REQUIREMENT = Lines containing the string "Definition": how many are there below? Answer with the number only.

INPUT MATERIAL =
· · · · · · ·

(* Let $\Sigma$ be a finite alphabet and let $X,Y\subseteq\Sigma^{\mathbb{Z}}$ be constrained systems. Suppose that $X$ is primitive or $Y$ is primitive. Then the sequence $\left(\frac{1}{n}R(\mathscr{B}_n(X),\mathscr{B}_n(Y))\right)_{n\in\mathbb{N}}$ converges; that is, \[R(X,Y)=\lim_{n\to\infty}\frac{R(\mathscr{B}_n(X),\mathscr{B}_n(Y))}{n}.\]
   Context: $\Sigma^{\mathbb{Z}}$ carries the product topology (discrete on $\Sigma$) and the shift $T$, $(T\mathbf{x})_n=\mathbf{x}_{n+1}$. A constrained system is a set $X\subseteq\Sigma^{\mathbb{Z}}$ for which there is a finite directed graph $G=(V,E)$ with a labeling $L:E\to\Sigma$ such that $X$ is the set of label sequences $(L(e_i))_{i\in\mathbb{Z}}$ of bi-infinite directed paths $(e_i)_{i\in\mathbb{Z}}$ in $G$. A labeled graph is irreducible if any two vertices are joined by a directed path, and primitive if it is irreducible and the gcd of its cycle lengths is $1$ (equivalently, there is $n$ such that any two vertices are joined by a directed path of length exactly $n$). $X$ is primitive if it is presented by some primitive labeled graph. The language $\mathscr{B}_n(X)\subseteq\Sigma^n$ is the set of length-$n$ words appearing as consecutive subwords of some element of $X$. For $\overline{u},\overline{v}\in\Sigma^n$, $d(\overline{u},\overline{v})$ is the Hamming distance. For $A,C\subseteq\Sigma^n$, $R(C,A)=\max_{\overline{y}\in A}\min_{\overline{x}\in C}d(\overline{x},\overline{y})$. For shift spaces $X,Y$, $R(X,Y)=\liminf_{n\to\infty}\frac{1}{n}R(\mathscr{B}_n(X),\mathscr{B}_n(Y))$. *)

From Stdlib Require Import Reals.
From Coquelicot Require Import Coquelicot.
From mathcomp Require Import all_boot all_order all_algebra.
From mathcomp Require Import boolp.

Set Implicit Arguments.
Unset Strict Implicit.
Unset Printing Implicit Defensive.

Definition zseq (S : finType) := int -> S.

Record lgraph (S : finType) := LGraph {
  gV : finType;
  gE : finType;
  gsrc : gE -> gV;
  gtgt : gE -> gV;
  glab : gE -> S }.

Fixpoint walk (S : finType) (G : lgraph S) (u v : gV G) (s : seq (gE G)) : Prop :=
  match s with
  | [::] => u = v
  | e :: s' => gsrc e = u /\ walk (gtgt e) v s'
  end.

Definition irreducible_graph (S : finType) (G : lgraph S) : Prop :=
  forall u v : gV G, exists s, walk u v s.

· · · · · · ·

RESULT FOR THIS TASK = 2